Sir John Laws has described 'proportionality' as a principle where the court is concerned with the way in which the decision maker has ordered his priority.

Lord Diplock in [R Vs Goldstein 1983 (1) WLR 151] in a bit to explain proportionality said:
This would indeed be using a sledge-hammer to crack a nut 'Proportionality' involves a Balancing test which keeps a check on the excessive or arbitrary punishments or encroachment upon the rights and Necessity test which takes into account other less restrictive alternates.

Judicial Review of legislative and executive action has been one of the most important developments in the field of public law in the last century. Though the concept of Judicial Review was developed way back in 1803 in the famous case of [Marbury Vs. Madison, 5 US 137 (1803)], it found wide application only in the later periods of the 20th Century, when in the aftermath of the World War II, democracy came to be the governing political principle in most parts of the world. Since then the scope and ambit of Judicial Review has been one of the Central themes of discussion in the branch of Administrative Law.

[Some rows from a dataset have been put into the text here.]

Lemma partial_iso_dom_ker R : partial_iso R ->
  (forall y, piM1 y -> exists x, R x y) -> forall x, XpiM1 x -> exists y, R x y.
Proof.
move=> hR onto x Xx; have [T1 [T2 [f1 [f2 [c1 c2 card12]]]]] := kernel_transversals.
pose S y x := R x y /\ piM1 y.
have S_ker y x' : S y x' -> XpiM1 x'.
  move=> [Rxy' y'M1]; have [Xx' _ yx'] := partial_iso_graph hR Rxy'.
  by split=> //; have := lsubmodB hpiM1 y'M1 yx'; rewrite opprB addrC subrK.
have S_inj y x1 y' x1' : S y x1 -> S y' x1' -> piX (x1 - x1') -> piY (y - y').
  by move=> [Rxy1 _] [Rxy1' _] /(partial_iso_mod hR Rxy1 Rxy1').
have S_total y : piM1 y -> exists x1, S y x1.
  by move=> yM1; have [x1 Rxy1] := onto y yM1; exists x1.
have [y [x' [[Rxy _] xx']]] :=
  transversal_rel_onto hpiX c2 c1 (esym card12) S_ker S_inj S_total Xx.
by exists y; apply: (partial_iso_modl hR Rxy xx').
Qed.

Lemma partial_iso_range_ker R : partial_iso R ->
  (forall x, XpiM1 x -> exists y, R x y) -> forall y, piM1 y -> exists x, R x y.
Proof.
move=> hR total y yM1; have [T1 [T2 [f1 [f2 [c1 c2 card12]]]]] := kernel_transversals.
pose S x y := R x y /\ XpiM1 x.
have S_ker x' y1 : S x' y1 -> piM1 y1.
  move=> [Rxy1 [_ x'M1]]; have [_ _ yx'] := partial_iso_graph hR Rxy1.
  by have := lsubmodD hpiM1 yx' x'M1; rewrite subrK.
have S_inj x1 y1 x1' y1' : S x1 y1 -> S x1' y1' -> piY (y1 - y1') -> piX (x1 - x1').
  by move=> [Rxy1 _] [Rxy1' _] /(partial_iso_mod hR Rxy1 Rxy1').
have S_total x1 : XpiM1 x1 -> exists y1, S x1 y1.
  by move=> Xx1; have [y1 Rxy1] := total x1 Xx1; exists y1.
have [x [y' [[Rxy' _] yy']]] :=
  transversal_rel_onto hpiY c1 c2 card12 S_ker S_inj S_total yM1.
by exists x; apply: (partial_iso_modr hR Rxy' yy').
Qed.
(* With M = 1/2 (x) A, the identities x (+) ((-) (x (+) y)) = (-) y and
   (-) b (+) b = 0 collapse the gyration in the coaddition, so that
   P_AB(t) = M (+) ((t (x) u) (+) M) with u = (-) M (+) (B (-) M).
   Möbius addition only involves the inner products scaled by c^2, so the
   "sandwich" v |-> M (+) (v (+) M) maps v to an explicit combination of M and v;
   the sandwich by (-) M inverts it, hence it maps u to B, and it maps 0 to
   M (+) M = 2 (x) M = A.  As t ranges over R, t (x) u ranges over the multiples
   l u lying in the ball, and the sandwich moves them along the Euclidean line AB
   through a Möbius change of parameter l |-> s.  Every point of the line in the
   ball is reached: at the only value of s missed, the pole of the inverse change
   of parameter, the point of the line lies outside the ball. *)

From Pilot Require Import Defs.
From HB Require Import structures.
From mathcomp Require Import all_boot all_order all_algebra.
From mathcomp Require Import all_classical all_reals all_analysis.
From mathcomp Require Import ring lra.
Import Order.TTheory GRing.Theory Num.Theory.
Local Open Scope ring_scope.
Local Open Scope classical_set_scope.

Section EuclideanDot.
Context {R : realType} {n : nat}.
Implicit Types (u v w : 'rV[R]_n) (a : R).

Lemma edotC u v : edot u v = edot v u.
Proof. by apply: eq_bigr => i _; rewrite mulrC. Qed.

Lemma edotDl u v w : edot (u + v) w = edot u w + edot v w.
Proof. by rewrite /edot -big_split; apply: eq_bigr => i _; rewrite !mxE mulrDl. Qed.

Lemma edotZl a u v : edot (a *: u) v = a * edot u v.
Proof. by rewrite /edot mulr_sumr; apply: eq_bigr => i _; rewrite !mxE mulrA. Qed.

Lemma edotDr u v w : edot w (u + v) = edot w u + edot w v.
Proof. by rewrite edotC edotDl !(edotC w). Qed.

Lemma edotZr a u v : edot u (a *: v) = a * edot u v.
Proof. by rewrite edotC edotZl edotC. Qed.

Lemma edot0l v : edot 0 v = 0.
Proof. by rewrite -(scale0r 0) edotZl mul0r. Qed.

Lemma edot_ge0 u : 0 <= edot u u.
Proof. by apply: sumr_ge0 => i _; rewrite -expr2 sqr_ge0. Qed.

Lemma edot_eq0 u : (edot u u == 0) = (u == 0).
Proof.
apply/idP/eqP => [|->]; last by rewrite edot0l.
rewrite psumr_eq0 => [/allP uu0|i _]; last by rewrite -expr2 sqr_ge0.
apply/rowP => i; have := uu0 i (mem_index_enum i).
by rewrite /= mulf_eq0 orbb mxE => /eqP.
Qed.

Among the two - Executive and Legislative actions - it is the Judicial Review of Executive action (Administrative action) that has assimilated much content enrichment, particularly in the last two decades. The growth of Modern Welfare State coupled with the technological advances has resulted in the legislature not only leaving wide areas of discretion to the administrative authority but also even delegating many of its powers and functions.

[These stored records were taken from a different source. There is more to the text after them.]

(* Let $(u,g,r)$ be a symmetric RUM-CF and let $(p,f)$ be an SCF-RT generated by it, i.e. rationalized by $(u,g,r)$. Then for any $(x,y)\in D$, with $q=p(x,y)/p(y,x)$: if $u(x)\geq u(y)$ then $F(y,x)$ $q$-FSD $F(x,y)$, and if $u(x)>u(y)$ then $F(y,x)$ $q$-SFSD $F(x,y)$.
   Context: $X$ is a finite set of options; $C=\{(x,y): x,y\in X,\ x\neq y\}$; $D\subseteq C$ is a fixed non-empty set with $(x,y)\in D\Rightarrow (y,x)\in D$. An SCF $p$ assigns to each $(x,y)\in D$ a number $p(x,y)>0$ with $p(x,y)+p(y,x)=1$. An SCF-RT is a pair $(p,f)$ where $p$ is an SCF and $f$ assigns to each $(x,y)\in D$ a strictly positive density $f(x,y)$ on $\mathbb{R}^+$ with cdf $F(x,y)$. A RUM is a pair $(u,g)$ with $u:X\to\mathbb{R}$ and $g$ assigning to each $(x,y)\in C$ a density $g(x,y)$ on $\mathbb{R}$ (cdf $G(x,y)$) with $\int v\,g(x,y)(v)\,dv=u(x)-u(y)=:v(x,y)$, $g(x,y)(v)=g(y,x)(-v)$ for all $v$, and connected support. A RUM-CF is $(u,g,r)$ with $(u,g)$ a RUM and $r:\mathbb{R}^{++}\to\mathbb{R}^+$ continuous, strictly decreasing where $r(v)>0$, $\lim_{v\to0}r(v)=\infty$, $\lim_{v\to\infty}r(v)=0$; $r^{-1}(t)$ ($t>0$) is the inverse of $r$ restricted to $\{r>0\}$. It rationalizes $(p,f)$ if for all $(x,y)\in D$: $G(x,y)(0)=p(y,x)$ and $\frac{1-G(x,y)(r^{-1}(t))}{1-G(x,y)(0)}=F(x,y)(t)$ for all $t>0$. It is symmetric if $g(x,y)(v(x,y)+\delta)=g(x,y)(v(x,y)-\delta)$ for all $(x,y)\in C$, $\delta\geq0$. For cdfs $G,H$ on $\mathbb{R}^+$ and $q>0$, $G$ $q$-FSD $H$ means $G(t)\leq qH(t)$ for all $t\geq0$; $q$-SFSD means additionally strict inequality for some $t$. *)

From HB Require Import structures.
From mathcomp Require Import all_boot all_order all_algebra.
From mathcomp Require Import all_classical all_reals all_analysis.
Set Implicit Arguments. Unset Strict Implicit. Unset Printing Implicit Defensive.
Import Order.TTheory GRing.Theory Num.Theory.
Import numFieldNormedType.Exports.
Local Open Scope classical_set_scope.
Local Open Scope ring_scope.

Section Defs.
Variable R : realType.
Local Notation mu := (@lebesgue_measure R).

Definition cdfR (g : R -> R) (t : R) : R :=
  fine (\int[mu]_(v in `]-oo, t]) (g v)%:E)%E.

Definition cdfRp (f : R -> R) (t : R) : R :=
  fine (\int[mu]_(v in `[0%R, t]) (f v)%:E)%E.

Definition density_R (g : R -> R) : Prop :=
  measurable_fun setT g /\ (forall v, 0 <= g v) /\
  (\int[mu]_(v in setT) (g v)%:E = 1)%E.

Definition pos_density_Rp (f : R -> R) : Prop :=
  measurable_fun (`[0%R, +oo[ : set R) f /\ (forall t, 0 <= t -> 0 < f t) /\
  (\int[mu]_(t in `[0%R, +oo[) (f t)%:E = 1)%E.

Definition dsupport (g : R -> R) : set R := closure [set v | 0 < g v].

Definition inC (X : finType) (x y : X) : Prop := x <> y.

Definition valid_D (X : finType) (D : {set X * X}) : Prop :=
  (exists xy, xy \in D) /\
  (forall x y, (x, y) \in D -> x <> y) /\
  (forall x y, (x, y) \in D -> (y, x) \in D).

Definition is_SCF (X : finType) (D : {set X * X}) (p : X -> X -> R) : Prop :=
  forall x y, (x, y) \in D -> 0 < p x y /\ p x y + p y x = 1.

Definition is_SCF_RT (X : finType) (D : {set X * X}) (p : X -> X -> R)
  (f : X -> X -> R -> R) : Prop :=
  is_SCF D p /\ forall x y, (x, y) \in D -> pos_density_Rp (f x y).

Definition is_RUM (X : finType) (u : X -> R) (g : X -> X -> R -> R) : Prop :=
  forall x y : X, inC x y ->
    density_R (g x y) /\
    mu.-integrable setT (fun v => (v * g x y v)%:E) /\
    (\int[mu]_(v in setT) (v * g x y v)%:E = (u x - u y)%:E)%E /\
    (forall v, g x y v = g y x (- v)) /\
    connected (dsupport (g x y)).

Definition is_CF (r : R -> R) : Prop :=
  (forall v, 0 < v -> 0 <= r v) /\
  {within `]0, +oo[, continuous r} /\
  (forall a b, 0 < a -> a < b -> 0 < r a -> 0 < r b -> r b < r a) /\
  (r x @[x --> 0^'+] --> +oo) /\
  (r x @[x --> +oo] --> 0).

Definition is_RUM_CF (X : finType) (u : X -> R) (g : X -> X -> R -> R)
  (r : R -> R) : Prop := is_RUM u g /\ is_CF r.

(* (u,g,r) rationalizes (p,f).  r^{-1}(t) for t > 0 is the (unique) v > 0
   with r v = t, so the condition is stated for every such v. *)
Definition rationalizes (X : finType) (D : {set X * X}) (u : X -> R)
  (g : X -> X -> R -> R) (r : R -> R) (p : X -> X -> R)
  (f : X -> X -> R -> R) : Prop :=
  forall x y, (x, y) \in D ->
    cdfR (g x y) 0 = p y x /\
    (forall t v, 0 < t -> 0 < v -> r v = t ->
       (1 - cdfR (g x y) v) / (1 - cdfR (g x y) 0) = cdfRp (f x y) t).

Definition symmetric_RUM (X : finType) (u : X -> R) (g : X -> X -> R -> R) : Prop :=
  forall x y : X, inC x y -> forall d, 0 <= d ->
    g x y ((u x - u y) + d) = g x y ((u x - u y) - d).

Definition qFSD (G H : R -> R) (q : R) : Prop :=
  forall t, 0 <= t -> G t <= q * H t.
Definition qSFSD (G H : R -> R) (q : R) : Prop :=
  qFSD G H q /\ exists t, 0 <= t /\ G t < q * H t.

End Defs.

(* Symmetry of g(x,y) about w := u(x) - u(y), combined with g(y,x)(v) = g(x,y)(-v),
   makes g(y,x) the translate of g(x,y) by 2w, so G(y,x)(v) = G(x,y)(v + 2w).
   Writing t = r(v), the rationalization identities turn this into
   q F(x,y)(t) - F(y,x)(t) = (G(x,y)(v + 2w) - G(x,y)(v)) / p(y,x),
   which is nonnegative when w >= 0.  When w > 0 it is positive for small v,
   because G(x,y) is strictly increasing wherever r > 0: there it mirrors the
   cdf F(x,y), whose density is positive. *)
From HB Require Import structures.
From mathcomp Require Import all_boot all_order all_algebra.
From mathcomp Require Import all_classical all_reals all_analysis measurable_realfun.
From mathcomp Require Import ring lra.
Import Order.TTheory GRing.Theory Num.Theory.
Import numFieldNormedType.Exports.
Local Open Scope classical_set_scope.
Local Open Scope ring_scope.

Section integral_gt0.
Context d (T : measurableType d) (R : realType) (mu : {measure set T -> \bar R}).

Lemma integral_gt0 (D : set T) (f : T -> R) : measurable D ->
  measurable_fun D f -> (forall x, D x -> 0 < f x) -> (0 < mu D)%E ->
  (0 < \int[mu]_(x in D) (f x)%:E)%E.
Proof.
move=> mD mf f0 muD; rewrite lt0e integral_ge0 ?andbT; last first.
  by move=> x Dx; rewrite lee_fin ltW // f0.
apply/negP => /eqP intf0.
have mEf : measurable_fun D (EFin \o f) by exact/measurable_EFinP.
have /(ae_eq_integral_abs _ mD mEf).1 [N [mN N0 DfN]] :
    (\int[mu]_(x in D) `|(EFin \o f) x| = 0)%E.
  rewrite -intf0; apply: eq_integral => x /[!inE] Dx.
  by rewrite /= ger0_norm // ltW // f0.
suff : (mu D <= mu N)%E by rewrite N0 leNgt muD.
apply: le_measure; rewrite ?inE // => x Dx; apply: DfN => /(_ Dx) /eqP.
by rewrite eqe gt_eqF // f0.
Qed.

End integral_gt0.

Section lebesgue_translation.
Context {R : realType}.
Local Notation mu := (@lebesgue_measure R).

Lemma measurable_addr (c : R) : measurable_fun [set: measurableTypeR R]
  ((fun x => x + c) : measurableTypeR R -> measurableTypeR R).
Proof. by apply: measurable_funD => //; exact: measurable_cst. Qed.

Lemma lebesgue_measureD (c : R) (A : set R) : measurable A ->
  pushforward mu ((fun x => x + c) : _ -> measurableTypeR R) A = mu A.
Proof.
move=> mA; have mc := measurable_addr c.
apply/esym/lebesgue_measure_unique => //= _ [[a b]] _ <-; rewrite /pushforward.
have -> : (fun x => x + c) @^-1` `]a, b] = `](a - c), (b - c)]%classic.
  by apply/seteqP; split => z /=; rewrite !in_itv /= ?lerBrDr ?ltrBlDr.
rewrite !lebesgue_measure_itv /= !lte_fin ltrD2r.
by case: ifP => // _; congr EFin; lra.
Qed.

Lemma ge0_integral_itvNy_shift (h : R -> R) (c v : R) :
  measurable_fun [set: R] h -> (forall x, 0 <= h x) ->
  (\int[mu]_(s in `]-oo, v]) (h (s + c))%:E =
   \int[mu]_(s in `]-oo, (v + c)%R]) (h s)%:E)%E.
Proof.
move=> mh h0.
have -> : `]-oo, v]%classic =
    ((fun x => x + c) : _ -> measurableTypeR R) @^-1` `]-oo, (v + c)].
  by apply/seteqP; split => z /=; rewrite !in_itv /= lerD2r.
rewrite -(ge0_integral_pushforward (measurable_addr c) mu
  (D := `]-oo, (v + c)%R]%classic) (f := fun s => (h s)%:E)) //=.
- apply: eq_measure_integral => //= [A mA|_ A mA _]; first exact: measurable_addr.
  by rewrite -(lebesgue_measureD c).
- exact/measurable_EFinP/measurable_funTS.
- by move=> y _; rewrite lee_fin.
Qed.

End lebesgue_translation.

Section cdf.
Context {R : realType}.
Local Notation mu := (@lebesgue_measure R).

Lemma cdfR_fin_num (h : R -> R) (v : R) : density_R h ->
  (\int[mu]_(s in `]-oo, v]) (h s)%:E)%E \is a fin_num.
Proof.
case=> mh [h0 h1]; rewrite ge0_fin_numE; last first.
  by apply: integral_ge0 => *; rewrite lee_fin.
rewrite (le_lt_trans _ (ltey 1%E)) // -h1.
apply: ge0_subset_integral => //=; first exact/measurable_EFinP.
by move=> *; rewrite lee_fin.
Qed.

Lemma le_cdfR (h : R -> R) (a b : R) : density_R h -> a <= b ->
  cdfR h a <= cdfR h b.
Proof.
move=> dh ab; apply: fine_le; [exact: cdfR_fin_num..|].
case: dh => mh [h0 _]; apply: ge0_subset_integral => //=.
- exact/measurable_EFinP/measurable_funTS.
- by move=> *; rewrite lee_fin.
- by move=> z /=; rewrite !in_itv /= => /le_trans; apply.
Qed.

Lemma cdfRp0 (f : R -> R) : cdfRp f 0 = 0.
Proof. by rewrite /cdfRp set_itv1 integral_set1. Qed.

Lemma cdfRp_fin_num (f : R -> R) (t : R) : pos_density_Rp f ->
  (\int[mu]_(s in `[0%R, t]) (f s)%:E)%E \is a fin_num.
Proof.
case=> mf [f0 f1]; have Ef0 s : 0 <= s -> (0 <= (f s)%:E)%E.
  by move=> s0; rewrite lee_fin ltW // f0.
rewrite ge0_fin_numE; last first.
  by apply: integral_ge0 => s; rewrite /= in_itv /= => /andP[/Ef0].
rewrite (le_lt_trans _ (ltey 1%E)) // -f1.
apply: ge0_subset_integral => //=; first exact/measurable_EFinP.
- by move=> s; rewrite /= in_itv /= andbT => /Ef0.
- by move=> s /=; rewrite !in_itv /= => /andP[->].
Qed.

Lemma lt_cdfRp (f : R -> R) (s t : R) : pos_density_Rp f -> 0 <= s -> s < t ->
  cdfRp f s < cdfRp f t.
Proof.
move=> df s0 st; apply: fine_lt; [exact: cdfRp_fin_num..|].
case: (df) => mf [f0 _].
have split_itv : `[0%R, t]%classic = `[0%R, s] `|` `]s, t].
  apply/seteqP; split => z /=; rewrite !in_itv /=; last by case=> /andP; lra.
  by case/andP=> z0 zt; case: (leP z s) => zs; [left|right]; apply/andP.
rewrite split_itv ge0_integral_setU //=; first last.
- by apply/disj_setPS => z [] /=; rewrite !in_itv /=; lra.
- by move=> z; rewrite !in_itv /= => -[] /andP[z0 _]; rewrite lee_fin ltW // f0; lra.
- apply/measurable_EFinP; apply: measurable_funS mf => // z /= [];
  by rewrite !in_itv /=; lra.
rewrite lteDl; last exact: cdfRp_fin_num.
apply: integral_gt0 => //.
- by apply: measurable_funS mf => // z /=; rewrite !in_itv /=; lra.
- by move=> z /=; rewrite in_itv /= => /andP[sz _]; apply: f0; lra.
- rewrite [X in (0 < X)%E](@lebesgue_measure_itv R) /= lte_fin st.
  by rewrite -EFinD lte_fin subr_gt0.
Qed.

End cdf.

Section choice_function.
Context {R : realType} {r : R -> R}.
Hypothesis cf : is_CF r.

Lemma is_CF_preimage (t : R) : 0 < t -> exists2 v, 0 < v & r v = t.
Proof.
case: cf => _ [rc [_ [r0 roo]]] t0.
have [a [a0 tra]] : exists a, 0 < a /\ t < r a.
  apply: (@filter_ex _ (0^'+)); near=> a.
  by split; near: a; [exact: nbhs_right_gt|exact: cvgry_gt].
have [b [ab rbt]] : exists b, a < b /\ r b < t.
  apply: (@filter_ex _ +oo%R); near=> b; split; near: b.
  - by apply: nbhs_pinfty_gt; exact: num_real.
  - exact: cvgr_lt roo _ t0.
have rc_ab : {within `[a, b], continuous r}.
  by apply: continuous_subspaceW rc => z /=; rewrite !in_itv /= andbT => /andP[az _]; lra.
have t_between : Num.min (r a) (r b) <= t <= Num.max (r a) (r b).
  by rewrite ge_min le_max; apply/andP; split; apply/orP; [right|left]; lra.
have [v] := IVT (ltW ab) rc_ab t_between.
by rewrite in_itv /= => /andP[av _] rv; exists v => //; lra.
Unshelve. all: by end_near.
Qed.

Lemma is_CF_gt0_near0 (e : R) : 0 < e -> exists v, [/\ 0 < v, v < e & 0 < r v].
Proof.
case: cf => _ [_ [_ [r0 _]]] e0; apply: (@filter_ex _ (0^'+)).
near=> v; split; near: v; [exact: nbhs_right_gt|exact: nbhs_right_lt|exact: cvgry_gt].
Unshelve. all: by end_near.
Qed.

End choice_function.

Lemma reflect_symmetric {R : realFieldType} (h : R -> R) (w s : R) :
  (forall d, 0 <= d -> h (w + d) = h (w - d)) -> h (- s) = h (s + 2 * w).
Proof.
move=> hsym; have [sw0|sw0] := leP 0 (s + w).
  have -> : s + 2 * w = w + (s + w) by lra.
  by rewrite hsym //; congr h; lra.
have -> : - s = w + - (s + w) by lra.
by rewrite hsym; [congr h; lra | lra].
Qed.

Section rationalized.
Context {R : realType} {X : finType} {D : {set X * X}} {p : X -> X -> R}
  {f : X -> X -> R -> R} {u : X -> R} {g : X -> X -> R -> R} {r : R -> R}.
Hypotheses (vD : valid_D D) (scf : is_SCF D p) (rum : is_RUM u g)
  (sym : symmetric_RUM u g) (rat : rationalizes D u g r p f).

Lemma cdfR_swap (x y : X) (v : R) : x <> y ->
  cdfR (g y x) v = cdfR (g x y) (v + 2 * (u x - u y)).
Proof.
move=> xy; have [[mg [g0 _]] [_ [_ [gN _]]]] := rum x y xy.
rewrite /cdfR -ge0_integral_itvNy_shift //; congr fine; apply: eq_integral => s _.
by rewrite -reflect_symmetric; [rewrite gN opprK | exact: sym].
Qed.

Lemma cdfRp_rationalized (x y : X) (t v : R) : (x, y) \in D ->
  0 < t -> 0 < v -> r v = t -> cdfRp (f x y) t = (1 - cdfR (g x y) v) / p x y.
Proof.
move=> xyD t0 v0 rv; have [G0 ratxy] := rat x y xyD.
have [_ pxy1] := scf x y xyD.
by rewrite -(ratxy t v) // G0 (_ : 1 - p y x = p x y) //; lra.
Qed.

Lemma cdfRp_gap (x y : X) (t v : R) : (x, y) \in D ->
  0 < t -> 0 < v -> r v = t ->
  p x y / p y x * cdfRp (f x y) t - cdfRp (f y x) t =
  (cdfR (g x y) (v + 2 * (u x - u y)) - cdfR (g x y) v) / p y x.
Proof.
move=> xyD t0 v0 rv; have yxD := vD.2.2 x y xyD.
have [pxy0 _] := scf x y xyD; have [pyx0 _] := scf y x yxD.
rewrite !(cdfRp_rationalized _ _ _ _ _ t0 v0 rv) // (cdfR_swap x).
  by field; rewrite !gt_eqF.
exact: vD.2.1 x y xyD.
Qed.

Lemma lt_cdfR_rationalized (x y : X) (a b : R) : (x, y) \in D ->
  is_CF r -> pos_density_Rp (f x y) -> 0 < a -> a < b -> 0 < r a -> 0 < r b ->
  cdfR (g x y) a < cdfR (g x y) b.
Proof.
move=> xyD [_ [_ [rdec _]]] fxy a0 ab ra rb; have [pxy0 _] := scf x y xyD.
have := lt_cdfRp _ _ _ fxy (ltW rb) (rdec a b a0 ab ra rb).
rewrite !(cdfRp_rationalized _ _ _ _ _ _ _ erefl) //; last exact: lt_trans ab.
by rewrite ltr_pM2r ?invr_gt0 //; lra.
Qed.

End rationalized.

Theorem proposition4 (R : realType) (X : finType) (D : {set X * X})
  (p : X -> X -> R) (f : X -> X -> R -> R)
  (u : X -> R) (g : X -> X -> R -> R) (r : R -> R) :
  valid_D D ->
  is_SCF_RT D p f ->
  is_RUM_CF u g r ->
  symmetric_RUM u g ->
  rationalizes D u g r p f ->
  forall x y, (x, y) \in D ->
    let q := p x y / p y x in
    (u y <= u x -> qFSD (cdfRp (f y x)) (cdfRp (f x y)) q) /\
    (u y < u x -> qSFSD (cdfRp (f y x)) (cdfRp (f x y)) q).
Proof.
move=> vD [scf fdens] [rum cf] sym rat x y xyD q.
have [pyx0 _] := scf y x (vD.2.2 x y xyD).
have dg := (rum x y (vD.2.1 x y xyD)).1.
have gap t v := cdfRp_gap vD scf rum sym rat x y t v xyD.
have fsd : u y <= u x -> qFSD (cdfRp (f y x)) (cdfRp (f x y)) q.
  move=> uyx t; rewrite le_eqVlt => /orP[/eqP <-|t0]; first by rewrite !cdfRp0 mulr0.
  have [v v0 rv] := is_CF_preimage cf t t0.
  rewrite -subr_ge0 /q (gap t v) // divr_ge0 ?(ltW pyx0) // subr_ge0.
  by apply: le_cdfR => //; lra.
split=> // uyx; split; first exact/fsd/ltW.
have w0 : 0 < u x - u y by rewrite subr_gt0.
have [b [b0 bw rb]] := is_CF_gt0_near0 cf (u x - u y) w0.
have [a [a0 ab ra]] := is_CF_gt0_near0 cf b b0.
exists (r a); split; first exact: ltW.
rewrite -subr_gt0 /q (gap (r a) a) // divr_gt0 // subr_gt0.
have Gab := lt_cdfR_rationalized scf rat x y a b xyD cf (fdens x y xyD) a0 ab ra rb.
rewrite (lt_le_trans Gab) //.
by apply: le_cdfR => //; lra.
Qed.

This has resulted in the modern day bureaucrat becoming extremely powerful. This often leads to misuse of discretion vested in him there by requiring frequent Judicial intervention. However this intervention should not result in the Judiciary encroaching into areas reserved for the Executive. Consequently, the scope and ambit of Judicial Review must be limited to the extent just necessary to prevent the abuse of the discretion conferred on the Executive.

To achieve this limiting function of Judicial Review, common law systems and civil law systems reacted differently and developed different processes. In common law jurisdictions the concept of secondary review was developed to achieve this limiting function of Judicial Review. Under the concept of Secondary Review the Courts would strike down Administrative Orders only if it suffers the vice of Wednesbury unreasonableness [Associated Provisional Picture Houses Vs. Wednesbury Corporation (1947) 2 All ER 74 (CA)], which means that the order must be so absurd that no sensible person could ever dream that it lay within the powers of the administrative authority.

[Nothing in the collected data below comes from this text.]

Theorem lemma5p2 (q s : C) (M : nat) (Rc : R) (f : C -> C) :
  (0 < Cmod q)%R -> (Cmod q < 1)%R -> s * s = q ->
  R_admissible s M Rc ->
  meromorphic f ->
  forall x : C, (Rc < Cmod x)%R ->
    min_upto M (fun t => nu0 (Aop s (M - t) (AWn s t f)) x)
    = min_upto M (fun t => nu0 (etaZ s (Z.of_nat M - 2 * Z.of_nat t) f) x).
Proof.
  intros Hq0 Hq1 Hsq HR _ x Hx.
  assert (Hs : (Cmod s < 1)%R) by (rewrite <- Hsq, Cmod_mult in Hq1; pose proof (Cmod_ge_0 s); nra).
  assert (Hs0 : s <> 0) by (intros ->; rewrite <- Hsq, Cmult_0_l, Cmod_0 in Hq0; lra).
  apply min_upto_nu0_eq. intros n.
  rewrite (zero_order_ge_Aop_AWn_iff s M Rc Hs Hs0 HR x Hx M (le_n M) f n).
  split; intros H t Ht; specialize (H t Ht); revert H;
    apply (zero_order_ge_near_ext _ _ x n (Cmod x - Rc)); try lra;
    intros w Hw _; pose proof (Cmod_gt_of_disc x w Rc Hw);
    [symmetry|]; apply (etaZ_eq_eta_qpow s M Rc); auto; lia.
Qed.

The civil law jurisdictions on the other hand developed the concept of proportionality based review (Primary Review) which is a much more intensive form of Judicial Review. The principle of proportionality ordains that the administrative measure must not be more drastic than is necessary for attaining the desired result. Though the common law countries prefer Secondary Review, it could not ignore proportionality based review for long. This was not only because of the advantages associated with proportionality based review but also because of the establishment of an European Court and the consequential growth of a separate pan European jurisprudence primarily based on civil law concepts.

India, a former colonial State of British Empire, inherited from British India, the common law system. After Independence, India chose to retain the common law system without much change. Indian Courts have always found it desirable to follow English precedents while deciding domestic cases. This has virtually been the case in the development of Administrative Law in India. Inspite of Article 226 and Article 32 read with Article 13 of the Constitution of India giving the Constitutional Courts much wider scope to interfere with Executive Orders, the Indian Courts have chosen to follow the English concept of Wednesbury's reasonableness.

However, with the doctrine of proportionality fast gaining currency across the world including common law countries, the Indian Legal System could not remain closed for long and in the case of Omkumar v Union of India 4 the Indian Supreme Court accepted the doctrine of proportionality as a part of Indian law.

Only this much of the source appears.